Since the biospecimen processing, and hence quality, varies significantly in routine clinical pathology laboratories,
the reliability of RNA or DNA based signatures need to be evaluated under variable circumstances. It is essential to
determine how the robustness of the assay may be affected by pre-analytical variables before the novel diagnostic
tools can be applied to large studies or routine clinical practice. We hypothesize that a comprehensive evaluation of
pre-analytical variables of biospecimen will lead to optimized bio-specimen procurement framework leading to
improved diagnostic accuracy and reproducibility in tissue and liquid biopsy setting and can be standardized in an
inter-CLIA lab setting for routine clinical practice/trials. This proposal aims to establish standardized, evidence-based
procedures on bio-specimen (RNA/DNA) processing, storage and transportation to ensure accurate, reproducible
assay performance. The identified conditions and parameters will be validated on prospective samples, preferably in a
clinical trial setting, so findings can be correlated with clinical data. Thus, three specific aims are proposed:
Specific Aim 1: To determine pre-analytical variables that affects the reliability of RNA-based assays in
FFPE tissue
Specific Aim 2: To identify pre-analytical factors affecting circulating tumor DNA (ct-DNA) detection and
quantification in patients with PTCL
Specific Aim 3: To validate harmonization of the pre-analytical variables in improving PTCL diagnostic or
prognostic assay in an inter-CLIA (Clinical Laboratory Improvement Amendments) lab setting
The studies will lead to robust protocols that optimize the preservation biomolecules in tissue biopsies or plasma to
ensure accuracy and reproducibility of molecular assays, improving PTCL classification and prognostication.
抽象的
外周 T 细胞淋巴瘤 (PTCL) 约占西方世界所有 NHL 的 12-15%,
与不良预后相关。此外,诊断具有挑战性,因为 30-50% 的 PTCL 病例无法被诊断出来。

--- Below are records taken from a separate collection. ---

(* [N] attains a positive minimum on the compact unit sphere of the max-norm. *)
Lemma is_norm_ge_mx_norm :
  exists2 c, 0 < c & forall r : 'rV[R]_n, c * `|r| <= N r^T.
Proof.
pose S := [set r : 'rV[R]_n | `|r| = 1].
have normalize r : r != 0 -> S (`|r|^-1 *: r).
  move=> r0; rewrite /S /= normrZ normrV ?unitfE ?normr_eq0 // normr_id.
  by rewrite mulVf // normr_eq0.
have [[s Ss]|S0] := pselect (S !=set0); last first.
  exists 1 => // r; have [->|r0] := eqVneq r 0.
    by rewrite normr0 mulr0 is_norm_ge0.
  by exfalso; apply: S0; exists (`|r|^-1 *: r); exact: normalize.
have cS : compact S.
  apply: bounded_closed_compact.
    exists 1; split; first by rewrite realE ler01.
    by move=> M M1 r; rewrite /S /= => ->; exact: ltW.
  have -> : S = Num.norm @^-1` [set 1] by [].
  apply: preimage_closed; last exact: closed_eq.
  by move=> r _; exact: norm_continuous.
have [c /set_mem Sc cmin] := compact_EVT_min (ex_intro _ s Ss) cS
   (continuous_subspaceT is_norm_continuous).
have c0 : c != 0 by apply/eqP => c0; move: Sc; rewrite /S /= c0 normr0; lra.
exists (N c^T); first by rewrite is_norm_gt0 // trmx_eq0.
move=> r; have [->|r0] := eqVneq r 0; first by rewrite normr0 mulr0 is_norm_ge0.
have := cmin _ (mem_set (normalize r r0)).
rewrite linearZ /= is_normZ normrV ?unitfE ?normr_eq0 // normr_id.
by rewrite ler_pdivlMl ?normr_gt0 // mulrC.
Qed.

End FiniteDimensionalNorm.

Section OperatorNorm.
Variables (R : realType) (m n : nat) (A : 'M[R]_(m, n)).

Lemma dot_le_mx_norm (u : 'cV[R]_n) (v : 'cV[R]_m) :
  dot v (A *m u) <= (\sum_i \sum_j `|A i j|) * (`|v^T| * `|u^T|).
Proof.
rewrite /dot mulr_suml; apply: le_trans (ler_norm _) _.
apply: le_trans (ler_norm_sum _ _ _) _; apply: ler_sum => i _.
rewrite normrM mxE mulrCA; apply: ler_pM => //.
  by have := mxE_le_mx_norm v^T 0 i; rewrite mxE.
rewrite mulr_suml; apply: le_trans (ler_norm_sum _ _ _) (ler_sum _ _) => j _.
by rewrite normrM ler_wpM2l //; have := mxE_le_mx_norm u^T 0 j; rewrite mxE.
Qed.

Variables (np : 'cV[R]_n -> R) (nd : 'cV[R]_m -> R).
Hypotheses (np_norm : is_norm np) (nd_norm : is_norm nd).
Lemma least_relevant Y : ~ Omega P [set q] -> q \notin Y -> (exists b, relevant Y b) ->
  exists2 b0, relevant Y b0 &
    forall X b, X \subset Y -> compatible X Y b0 -> relevant Y b -> compatible X Y b.
Proof.
move=> nO qY [b relb].
have [L [HL Lmin]] : exists L, L \in calR P [set q] (Y :&: S) /\
    forall R', R' \in calR P [set q] (Y :&: S) -> L \subset R'.
  apply: contrapT => noL; apply: nO; exists (Y :&: S); split; last split => //.
    by apply/subsetP => x; rewrite !inE => /andP[xY _]; apply: contraNneq qY => <-.
  by apply/set0Pn; exists (RYA P [set q] (Y :&: S) (qset b)); apply/imset_f/relevant_Rel.
case/imsetP: HL => A0 HA0 EL; have [relA0 EA0] := Rel_relevant qY HA0.
exists (q \in A0) => // X b' sXY compX relb'.
apply: (RYA_compatible qY relb' sXY); apply: (subsetP (Lmin _ _)).
  by apply/imset_f/relevant_Rel.
by rewrite EL EA0; apply: compatible_RYA.
Qed.

End Omega.

(** * Answer sets *)

Section AnswerSets.
Variables (A : finType) (P : program A) (q : A).
Implicit Types (X Y Z : {set A}) (R : program A).

Local Notation withq := (withq q).
Local Notation qmodel := (qmodel (NF P) q).
Local Notation relevant := (relevant (NF P) q).
Local Notation compatible := (compatible (NF P) q).

Lemma fSPE : fSP P q = NF (fSP_raw (NF P) q).
Proof. by []. Qed.

Lemma q_notin_sig_fSP : q \notin sig_prog (fSP P q).
Proof.
apply/bigcupP => -[r /sig_NF[r0 H0 /subsetP s0]]; apply/negP.
by apply: contra (qfree_fSP_raw (@NF_normal _ P) H0); apply: s0.
Qed.

Lemma htmod_qfree R X Y : q \notin sig_prog R ->
  htmod R X Y = (X \subset Y) && htmod R (X :\ q) (Y :\ q).
Proof.
move=> qR; have sR : sig_prog R \subset ~: [set q].
  by apply/subsetP => a aR; rewrite !inE; apply: contraNneq qR => <-.
by rewrite (htmod_restr _ _ sR) -!setDE.
Qed.

Lemma htmodU_withq R X Y (a b : bool) : q \notin sig_prog R -> q \notin X -> q \notin Y ->
  htmod (P :|: R) (withq X a) (withq Y b) =
  [&& withq X a \subset withq Y b, qmodel X Y a b & htmod R X Y].
Proof.
move=> qR qX qY; rewrite htmodU htmod_withq (htmod_qfree _ _ qR) !withqK //.
by case: (withq X a \subset withq Y b).
Qed.

Lemma htmodU_fSP R X Y : q \notin sig_prog R -> q \notin Y ->
  htmod (fSP P q :|: R) X Y = [&& X \subset Y, [exists b, relevant Y b],
    [forall b, relevant Y b ==> compatible X Y b] & htmod R X Y].
Proof.
move=> qR qY; rewrite htmodU fSPE htmod_NF (htmod_fSP_raw (@NF_normal _ P)) //.
rewrite /htmod; case: (X \subset Y) => //=.
by rewrite -!andbA.
Qed.

Lemma AS_fSPU_of_AS R Y : q \notin sig_prog R ->
  Y \in AS (P :|: R) -> Y :\ q \in AS (fSP P q :|: R).
Proof.
move=> qR; set W := Y :\ q; set b := q \in Y.
have qW : q \notin W by rewrite setD11.
have EY : Y = withq W b := withq_D1 q Y.
rewrite !in_AS => /andP[hY /forallP minY].
move: (hY); rewrite EY htmodU_withq // subxx /= => /andP[Mb hRW].
have relb : relevant W b.
  rewrite /relevant Mb /=; apply/implyP => bT; apply/negP => M.
  have := minY W; rewrite properD1 //= => /negP; apply.
  by rewrite EY bT (htmodU_withq false true) // M hRW subsetUr.
rewrite htmodU_fSP // subxx hRW andbT /=; apply/andP; split.
  apply/andP; split; first by apply/existsP; exists b.
  by apply/forallP => b'; apply/implyP => /compatible_refl.
apply/forallP => X; apply/implyP => pXW; rewrite htmodU_fSP //.
apply/negP => /and4P[sXW _ /forallP compX hRX].
have /compatibleP[a ab M] := implyP (compX b) relb.
have qX : q \notin X by apply: contra qW; apply: (subsetP sXW).
have sXY : withq X a \subset Y by rewrite EY withq_sub.
have := minY (withq X a); rewrite EY htmodU_withq // -EY sXY M hRX implybF => /negP; apply.
rewrite properEneq sXY andbT; apply: contraTneq pXW => EXY.
by rewrite properEneq -(withqK a qX) EXY eqxx.
Qed.

Lemma q_notin_AS_fSPU R Y : q \notin sig_prog R -> Y \in AS (fSP P q :|: R) -> q \notin Y.
Proof.
move=> qR; rewrite in_AS => /andP[hY minY].
apply: contra (subsetP (minimal_htmod_sig hY minY) q) _.
by rewrite /sig_prog bigcup_setU in_setU negb_or q_notin_sig_fSP.
Qed.

Lemma AS_of_AS_fSPU R Y : ~ Omega P [set q] -> q \notin sig_prog R ->
  Y \in AS (fSP P q :|: R) -> exists b, withq Y b \in AS (P :|: R).
Proof.
move=> nO qR HY; have qY := q_notin_AS_fSPU qR HY.
move: HY; rewrite in_AS htmodU_fSP // subxx /= => /andP[/and3P[/existsP exb _ hRY] /forallP minY].
have [b0 rel0 least] := least_relevant nO qY exb.
exists b0; rewrite in_AS htmodU_withq // subxx hRY andbT; move: (rel0) => /andP[-> _] /=.
apply/forallP => Z; apply/implyP => pZ; apply/negP.
set X := Z :\ q; set a := q \in Z; have qX : q \notin X by rewrite setD11.
rewrite (withq_D1 q Z) -/X -/a htmodU_withq // => /and3P[sZ M hRX].
have sXY : X \subset Y by rewrite -(withqK b0 qY) -(withqK a qX) setSD.
have ab : a ==> b0 by apply/implyP => aT; have := subsetP sZ q; rewrite !q_withq // aT; apply.
have compX : compatible X Y b0 by apply/compatibleP; exists a.
case: (eqVneq X Y) => [EXY|nXY].
  have nab : a != b0.
    by apply: contraTneq pZ => Eab; rewrite (withq_D1 q Z) -/X -/a EXY Eab properE subxx.
  move: rel0 M; rewrite EXY; case: (b0) ab nab; case: (a) => //= _ _ /andP[_ /negP]; apply.
have := minY X; rewrite properEneq nXY sXY htmodU_fSP // sXY hRX => /negP; apply.
rewrite /= andbT; apply/andP; split; first exact/existsP.
by apply/forallP => b; apply/implyP; exact: least sXY compX.
Qed.

End AnswerSets.

Theorem theorem2 (A : finType) (P : {set rule A}) (q : A) :
  ~ Omega P [set q] ->
  forall R : {set rule A}, q \notin sig_prog R ->
    AS (fSP P q :|: R) = [set Y :\ q | Y in AS (P :|: R)].
Proof.
move=> nO R qR; apply/setP => Y; apply/idP/imsetP => [HY|[Y' HY' ->]].
  have [b Hb] := AS_of_AS_fSPU nO qR HY.
  by exists (withq q Y b); rewrite ?withqK ?(q_notin_AS_fSPU qR HY).
exact: AS_fSPU_of_AS.
Qed.
Lemma nadj_next_after v w L R :
  v \in N -> w \in N -> s = rcons L v ++ R -> w \in R -> ~~ g (next s v) (next s w).
Proof.
move=> Nv Nw def_s wR; have [y Hy gvy] := N_adj Nv; have [y' Hy' gwy'] := N_adj Nw.
have [q [pq lq uq]] := H_path Hy Hy'.
have [M [R2 defR]] := split_mem wR; subst R.
have [R' eR2] : exists R', R2 = next s w :: R'.
  by apply: (N_next (L := rcons L v ++ M) Nw); rewrite def_s rcons_cat catA.
have [R'' eR] := N_next Nv def_s; subst R2.
have hM : head x0 (rcons M w) = next s v by move: eR; case: (M) => [|m M1] [->].
move: (next s v) (next s w) hM def_s => nv nw hM def_s {eR}.
apply/negP => gnn; suff : y :: q = [::] by [].
apply: (@longest_splice _ (rcons L v ++ (y :: q) ++ rev (rcons M w) ++ nw :: R')) => //.
  have /cat_sorted2 [sL /cat_sorted2 [sM sR]] :
    sorted g (rcons L v ++ rcons M w ++ nw :: R') by rewrite -def_s.
  apply: (sorted_cat_edge (x0 := x0)) sL _ _; last by rewrite last_rcons.
  apply: (sorted_cat_edge (x0 := x0) (s1 := y :: q)) pq _ _; last by rewrite /= lq rev_rcons sg.
  by apply: (sorted_cat_edge (x0 := x0)); rewrite ?sorted_rev_sym // last_rev hM.
by rewrite def_s perm_catCA !perm_cat2l perm_cat2r perm_rev perm_refl.
Qed.

Lemma nadj_next v w : v \in N -> w \in N -> ~~ g (next s v) (next s w).
Proof.
move=> Nv Nw; have [L [R def_s]] := split_mem (N_sub Nv).
have : w \in rcons L v ++ R by rewrite -def_s N_sub.
rewrite mem_cat mem_rcons inE => /orP [/predU1P [->|wL]|wR]; first by rewrite ig.
  have [L1 [L2 defL]] := split_mem wL; rewrite sg.
  apply: (nadj_next_after Nw Nv (L := L1) (R := rcons L2 v ++ R)).
    by rewrite def_s defL rcons_cat catA.
  by rewrite mem_cat mem_rcons mem_head.
exact: nadj_next_after Nv Nw def_s wR.
Qed.

Lemma k_le_card_N k : k_connected g k -> k <= #|N|.
Proof.
case=> _ hk; rewrite leqNgt; apply/negP => Nk.
have x0N : x0 \notin N.
  by apply/negP => /N_adj [y Hy]; apply/negP; exact: nadj_head.
have zN : z \notin N by rewrite inE (negbTE zs).
have /connectP [q pq ex0] := hk N Nk z x0 zN x0N.
suff : last z q \in H by rewrite -ex0 => /H_notin; rewrite mem_head.
elim: q z pq z_in_H {ex0} => [|a q IH] u //= /andP [/andP [/andP [gua _] aN] pq] Hu.
apply: IH pq (H_step Hu gua _); apply: contra aN => as_.
by rewrite inE as_; apply/existsP; exists u; rewrite Hu sg.
Qed.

分配给特定实体并归类为 PTCL-未另行指定 (PTCL-NOS)。我们已经定义了
强大的基因表达特征,可以区分五种常见的 PTCL 实体:血管免疫母细胞 T 细胞
淋巴瘤 (AITL)、间变性淋巴瘤激酶阳性间变性大细胞淋巴瘤 (ALK (+) ALCL)、ALK-
阴性间变性大细胞淋巴瘤 (ALK (-) ALCL)、成人 T 细胞白血病/淋巴瘤 (ATLL) 和结外
自然杀伤/T 细胞淋巴瘤 (ENKTCL)。 PTCL-NOS可分为两种不同的生物学和预后类型
亚组(PTCL-TBX21 和 PTCL-GATA3 亚组)。我们翻译了基于 RNA 的诊断和预后
福尔马林固定石蜡包埋 (FFPE) 组织的算法,广泛应用于临床,具有高灵敏度和
特异性。我们还使用相应的 DNA 鉴定了 PTCL 亚型中的独特遗传病变,并且
证明这种病变可以使用相应的浅层全基因组分析(SWGA)进行验证
血浆游离DNA,因此液体活检可以帮助诊断和疾病监测。
由于常规临床病理实验室的生物样本处理以及质量差异很大,
基于 RNA 或 DNA 的签名的可靠性需要在不同的情况下进行评估。至关重要的是
在新的诊断之前确定分析前的变量如何影响测定的稳健性
工具可应用于大型研究或常规临床实践。我们假设综合评价
生物样本的预分析变量将导致优化的生物样本采购框架
提高了组织和液体活检环境中的诊断准确性和可重复性,并且可以在
用于常规临床实践/试验的 CLIA 实验室间设置。该提案旨在建立标准化、基于证据的
生物样本 (RNA/DNA) 处理、储存和运输程序,以确保准确、可重复
测定性能。确定的条件和参数将在预期样品上进行验证,最好是在
临床试验设置,因此研究结果可以与临床数据相关联。因此,提出了三个具体目标:
具体目标 1:确定影响基于 RNA 的检测可靠性的分析前变量
FFPE 纸巾
具体目标 2:确定影响循环肿瘤 DNA (ct-DNA) 检测和检测的分析前因素
PTCL 患者的量化
具体目标 3:验证分析前变量在改善 PTCL 诊断或
在 CLIA(临床实验室改进修正案)实验室环境中进行预后测定
这些研究将产生稳健的方案,优化组织活检或血浆中的保存生物分子,以
确保分子检测的准确性和可重复性,改善 PTCL 分类和预后。